Saved data entries:
════════
Lemma kappa_cat k n SA SB (a b : seq 'I_nu) (x : 'I_nu) : 0 < k < n ->
  size a = k.-1 -> size b = (n - k).-1 -> val x = 0 ->
  all (fun j => 0 < j < k) SA -> all (fun j => 0 < j < n - k) SB ->
  kappa R nu n (SA ++ map (addn k) SB) (a ++ x :: b) =
    (kappa R nu k SA a * kappa R nu (n - k) SB b)%R.
Proof.
move=> kn size_a size_b x0 SA_range SB_range; have /andP [k_gt0 lt_kn] := kn.
rewrite !kappaE ?size_cat ?size_a ?size_b //=; last by lia.
rewrite mem_pattern_cat // /nz_pattern map_cat /= x0 eqseq_cat; last first.
  by rewrite size_map size_a /mem_pattern size_map size_iota.
rewrite eqseq_cons /= SA_range SB_range all_cat all_map.
have -> : all (fun j => 0 < j < n) SA.
  by apply: (sub_all _ SA_range) => j /andP [j_gt0 lt_jk]; lia.
have -> /= : all (preim (addn k) (fun j => 0 < j < n)) SB.
  by apply: (sub_all _ SB_range) => j /andP [j_gt0 lt_j] /=; lia.
by case: (_ == _); case: (_ == _); rewrite ?mulr1 ?mulr0.
Qed.

Lemma kappa_cat_eq0 k n K (a b : seq 'I_nu) (x : 'I_nu) : 0 < k < n ->
  size a = k.-1 -> val x = 0 -> k \in K -> kappa R nu n K (a ++ x :: b) = 0%R.
Proof.
move=> /andP [k_gt0 lt_kn] size_a x0 kK; rewrite /kappa; case: ifP => // /andP [_ /allP].
have k_in : k \in iota 1 n.-1 by rewrite mem_iota; lia.
by move=> /(_ k k_in); rewrite map_cat nth_cat size_map size_a ltnn subnn /= x0 kK.
Qed.

End Kappa.

Local Open Scope ring_scope.

Lemma big_seq_pred1_pair (V : nmodType) (I J : eqType) (r : seq I) (s : seq J)
    (P : I -> J -> bool) (F : I -> J -> V) i0 j0 :
  uniq r -> uniq s -> i0 \in r -> j0 \in s ->
  {in r & s, forall i j, P i j = (i == i0) && (j == j0)} ->
  \sum_(i <- r) \sum_(j <- s | P i j) F i j = F i0 j0.
Proof.
move=> r_uniq s_uniq r_i0 s_j0 PE.
rewrite (bigD1_seq i0) //= [X in _ + X]big1_seq ?addr0 => [|i /andP [i_neq r_i]];
  last first.
  by rewrite big1_seq // => j /andP [+ s_j]; rewrite PE // (negbTE i_neq).
rewrite big_mkcond (bigD1_seq j0) //= PE // !eqxx big1_seq ?addr0 // => j /andP [j_neq s_j].
by rewrite PE // (negbTE j_neq) andbF.
Qed.

Lemma big_compositions_nconcat {V : nmodType} (F : seq nat -> seq nat -> V)
    [k m al be gamma] :
  is_composition k al -> is_composition m be -> nconcat al be = gamma ->
  \sum_(alpha <- compositions k) \sum_(beta <- compositions m | nconcat alpha beta == gamma)
    F alpha beta = F al be.
Proof.
move=> alP beP <-; apply: big_seq_pred1_pair; rewrite ?uniq_compositions //;
  rewrite ?mem_compositions // => alpha beta.
rewrite !mem_compositions => alphaP betaP; apply/eqP/andP => [|[/eqP-> /eqP->]] //.
by move=> /(nconcat_compositions_inj alphaP alP betaP beP) [-> ->].
Qed.

Theorem proposition3p17 (R : comNzRingType) (nu : nat) (Hnu : (1 < nu)%N)
  (n : nat) (gamma : seq nat) :
  is_composition n gamma ->
  forall k : nat, (k <= n)%N ->
  forall a b : seq 'I_nu, size a = k.-1 -> size b = (n - k).-1 ->
  coprod_k R nu n k (kappa R nu n (setc gamma)) (ltnW Hnu) a b
  = \sum_(alpha <- compositions k) \sum_(beta <- compositions (n - k)
          | nconcat alpha beta == gamma)
      kappa R nu k (setc alpha) a * kappa R nu (n - k) (setc beta) b.
Proof.
move=> gammaP k le_kn a b size_a size_b; rewrite /coprod_k.
have [-> | k_gt0] := posnP k.
  by rewrite subn0 (big_compositions_nconcat _ (al := [::]) _ gammaP) // kappa0 mul1r.
have [-> | k_neq_n] := eqVneq k n.
  rewrite subnn (big_compositions_nconcat _ gammaP (be := [::])) ?nconcat_nil_r //.
  by rewrite kappa0 mulr1.
have kn : (0 < k < n)%N by rewrite k_gt0 ltn_neqAle k_neq_n.
have [k_notin | /negbNE k_in] := boolP (k \notin setc gamma).
  have [al [be [alP beP gamma_eq]]] := nconcat_split gammaP le_kn k_notin.
  rewrite (big_compositions_nconcat _ alP beP gamma_eq) -gamma_eq setc_nconcat.
  have /andP [_ /eqP ->] := alP.
  by rewrite kappa_cat // all_setc_range.
rewrite (@kappa_cat_eq0 _ _ k) // big1_seq // => al /andP [_].
rewrite mem_compositions => alP.
rewrite big1_seq // => be /andP [/eqP gamma_eq]; rewrite mem_compositions => beP.
by have := notin_setc_nconcat alP beP; rewrite gamma_eq k_in.
Qed.
Section TensorStabiliser.
Local Open Scope group_scope.
Variables (n r : nat) (eps : bool).
Local Notation d := (n - eps)%N.
Local Notation widen := (widen_ord (leq_subr eps n)).
Local Notation tensor_action :=
  (TotalAction (@tensor_act1 n r eps) (@tensor_actM n r eps)).

Lemma ext_perm_id (g : 'S_d) (i : 'I_n) :
  (forall a, widen a = i -> g a = a) -> ext_perm g i = i.
Proof.
rewrite /ext_perm; case: insubP => [a _ a_i fix_i | //].
by apply: val_inj; rewrite /= fix_i //; apply: val_inj.
Qed.

Definition unused_letters (f : tensor_index n r) : {set 'I_d} :=
  [set a | widen a \notin codom f].

Lemma card_unused_letters f : (d - r <= #|unused_letters f|)%N.
Proof.
have : (#|~: unused_letters f| <= r)%N.
  rewrite -[r]card_ord -(size_codom f); apply: (@leq_card_in_seq _ _ widen).
    by move=> a b _ _ [] /val_inj.
  by move=> a; rewrite !inE negbK.
have := cardsC (unused_letters f); rewrite card_ord; lia.
Qed.

Lemma colstab_tperm la (a b : 'I_d) :
  colof la a = colof la b -> tperm a b \in colstab d la.
Proof.
move=> ab; rewrite inE; apply/forallP => x; apply/eqP.
by case: tpermP => [-> | -> | //]; rewrite ab.
Qed.

Lemma tperm_unused_stab f a b :
  a \in unused_letters f -> b \in unused_letters f ->
  tperm a b \in 'C[f | tensor_action].
Proof.
move=> fa fb; apply/astab1P/ffunP => k /=; rewrite ffunE.
apply: ext_perm_id => c wc; apply: tpermD; [move: fa | move: fb];
  by rewrite inE; apply: contraNneq => ->; rewrite wc codom_f.
Qed.

Lemma odd_colstab_tensor_stab la f :
  is_partition d la -> (head 0%N la < d - r)%N ->
  exists2 s, s \in colstab d la & odd_perm s && (s \in 'C[f | tensor_action]).
Proof.
case/and3P=> sorted_la _ /eqP sum_la lt_head.
have : ~~ dinjectiveb (fun a : 'I_d => colof la a) (unused_letters f).
  apply: contraL (leq_trans lt_head (card_unused_letters f)).
  move=> /dinjectiveP inj.
  rewrite -leqNgt -(size_iota 0 (head 0%N la)); apply: leq_card_in_seq inj _.
  by move=> a _; rewrite mem_iota colof_lt_head ?sum_la.
case/dinjectivePn => a unused_a [b /andP[/= b_a unused_b] same_col].
exists (tperm a b); first exact: colstab_tperm.
by rewrite odd_tperm eq_sym b_a tperm_unused_stab.
Qed.

End TensorStabiliser.

Section TensorPower.
Local Open Scope group_scope.
Local Open Scope ring_scope.
Variables (F : fieldType) (n r : nat) (eps : bool).
Local Notation d := (n - eps)%N.
Hypothesis F'G : [pchar F]^'.-group [set: 'S_d].
Hypothesis two_neq0 : 2%:R != 0 :> F.

Lemma Phi_Wedderburn_op0 la (sG : irrType F [set: 'S_d]) (i : sG) :
  is_partition d la -> (head 0%N la < d - r)%N ->
  mx_rsim (irr_repr i) (Specht F d la) ->
  forall A, (A \in Wedderburn_subring i)%MS -> gring_op (Phi F n r eps) A = 0.
Proof.
move=> pla lt_head rsim_i; apply: (permrep_Wedderburn_op0 F'G) => f.
apply: mx_rsim_gring_op0 rsim_i (regular_sum_gring F (subsetT _)) _.
apply: submod_gring_op0; first exact: regular_sum_gring (subsetT _).
rewrite gring_op_regular_sum ?subsetT //; apply: Specht_mx_sum0 => // x.
by rewrite -astab1_act; apply: odd_colstab_tensor_stab.
Qed.

Lemma Phi_comp_factor_head la :
  is_partition d la -> comp_mult_nz (Phi F n r eps) (Specht F d la) ->
  (d - r <= head 0%N la)%N.
Proof.
move=> pla [Us [cUs [_ [k lt_k rsimS]]]]; rewrite leqNgt.
apply: (socle_exists (regular_repr F [set: 'S_d])) => sG; apply/negP => lt_head.
have rsim_i := rsim_irr_comp_pchar sG F'G (mx_series_repr_irr cUs lt_k).
have rsim_iS := mx_rsim_trans (mx_rsim_sym rsim_i) rsimS.
have := series_Wedderburn_id_op_neq0 F'G rsim_i.
by rewrite (Phi_Wedderburn_op0 pla lt_head rsim_iS) ?Wedderburn_id_mem ?eqxx.
Qed.

End TensorPower.

Theorem proposition5p2 (F : fieldType) (charF0 : [pchar F]%R =i pred0)
    (n r : nat) (eps : bool) :
    (0 < n)%N -> (0 < r)%N -> (r.+1 < n - eps)%N ->
  (* the Specht modules occurring as composition factors of V^{(x) r} *)
  (forall la : seq nat, is_partition (n - eps) la ->
     comp_mult_nz (Phi F n r eps) (Specht F (n - eps) la) ->
     dominates la (hook (n - eps) r))
  /\
  (* hence the Wedderburn components End(S^la), la not |>= (d-r,1^r), of
     k W_d lie in the kernel of Phi_{n, r + eps} *)
  (forall (sG : irrType F [set: 'S_(n - eps)]) (i : sG) (la : seq nat),
     is_partition (n - eps) la ->
     mx_rsim (irr_repr i) (Specht F (n - eps) la) ->
     ~ dominates la (hook (n - eps) r) ->
     forall A, (A \in Wedderburn_subring i)%MS ->
       gring_op (Phi F n r eps) A = 0%R).
Proof.
move=> _ _ lt_r1_d.
have F'G : ([pchar F]%R^'.-group [set: 'S_(n - eps)])%g.
  by apply/pgroupP => p _ _; rewrite inE /= charF0.
have two_neq0 : (2%:R != 0 :> F)%R by have /pcharf0P -> := charF0.
have le_r_d : (r <= n - eps)%N by lia.
split=> [la pla /(Phi_comp_factor_head F'G two_neq0 pla) | sG i la pla rsim nd].
  exact: dominates_hook.
apply: (Phi_Wedderburn_op0 F'G two_neq0 pla _ rsim).
by rewrite ltnNge; apply: contra_notN nd; apply: dominates_hook.
Qed.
════════
What you will do:
Restate, please, word for word the span of records running from the first line to the line bearing "Lemma big_seq_pred1_pair (V", both included, and nothing outside it.

Reply to the task:
Lemma kappa_cat k n SA SB (a b : seq 'I_nu) (x : 'I_nu) : 0 < k < n ->
  size a = k.-1 -> size b = (n - k).-1 -> val x = 0 ->
  all (fun j => 0 < j < k) SA -> all (fun j => 0 < j < n - k) SB ->
  kappa R nu n (SA ++ map (addn k) SB) (a ++ x :: b) =
    (kappa R nu k SA a * kappa R nu (n - k) SB b)%R.
Proof.
move=> kn size_a size_b x0 SA_range SB_range; have /andP [k_gt0 lt_kn] := kn.
rewrite !kappaE ?size_cat ?size_a ?size_b //=; last by lia.
rewrite mem_pattern_cat // /nz_pattern map_cat /= x0 eqseq_cat; last first.
  by rewrite size_map size_a /mem_pattern size_map size_iota.
rewrite eqseq_cons /= SA_range SB_range all_cat all_map.
have -> : all (fun j => 0 < j < n) SA.
  by apply: (sub_all _ SA_range) => j /andP [j_gt0 lt_jk]; lia.
have -> /= : all (preim (addn k) (fun j => 0 < j < n)) SB.
  by apply: (sub_all _ SB_range) => j /andP [j_gt0 lt_j] /=; lia.
by case: (_ == _); case: (_ == _); rewrite ?mulr1 ?mulr0.
Qed.

Lemma kappa_cat_eq0 k n K (a b : seq 'I_nu) (x : 'I_nu) : 0 < k < n ->
  size a = k.-1 -> val x = 0 -> k \in K -> kappa R nu n K (a ++ x :: b) = 0%R.
Proof.
move=> /andP [k_gt0 lt_kn] size_a x0 kK; rewrite /kappa; case: ifP => // /andP [_ /allP].
have k_in : k \in iota 1 n.-1 by rewrite mem_iota; lia.
by move=> /(_ k k_in); rewrite map_cat nth_cat size_map size_a ltnn subnn /= x0 kK.
Qed.

End Kappa.

Local Open Scope ring_scope.

Lemma big_seq_pred1_pair (V : nmodType) (I J : eqType) (r : seq I) (s : seq J)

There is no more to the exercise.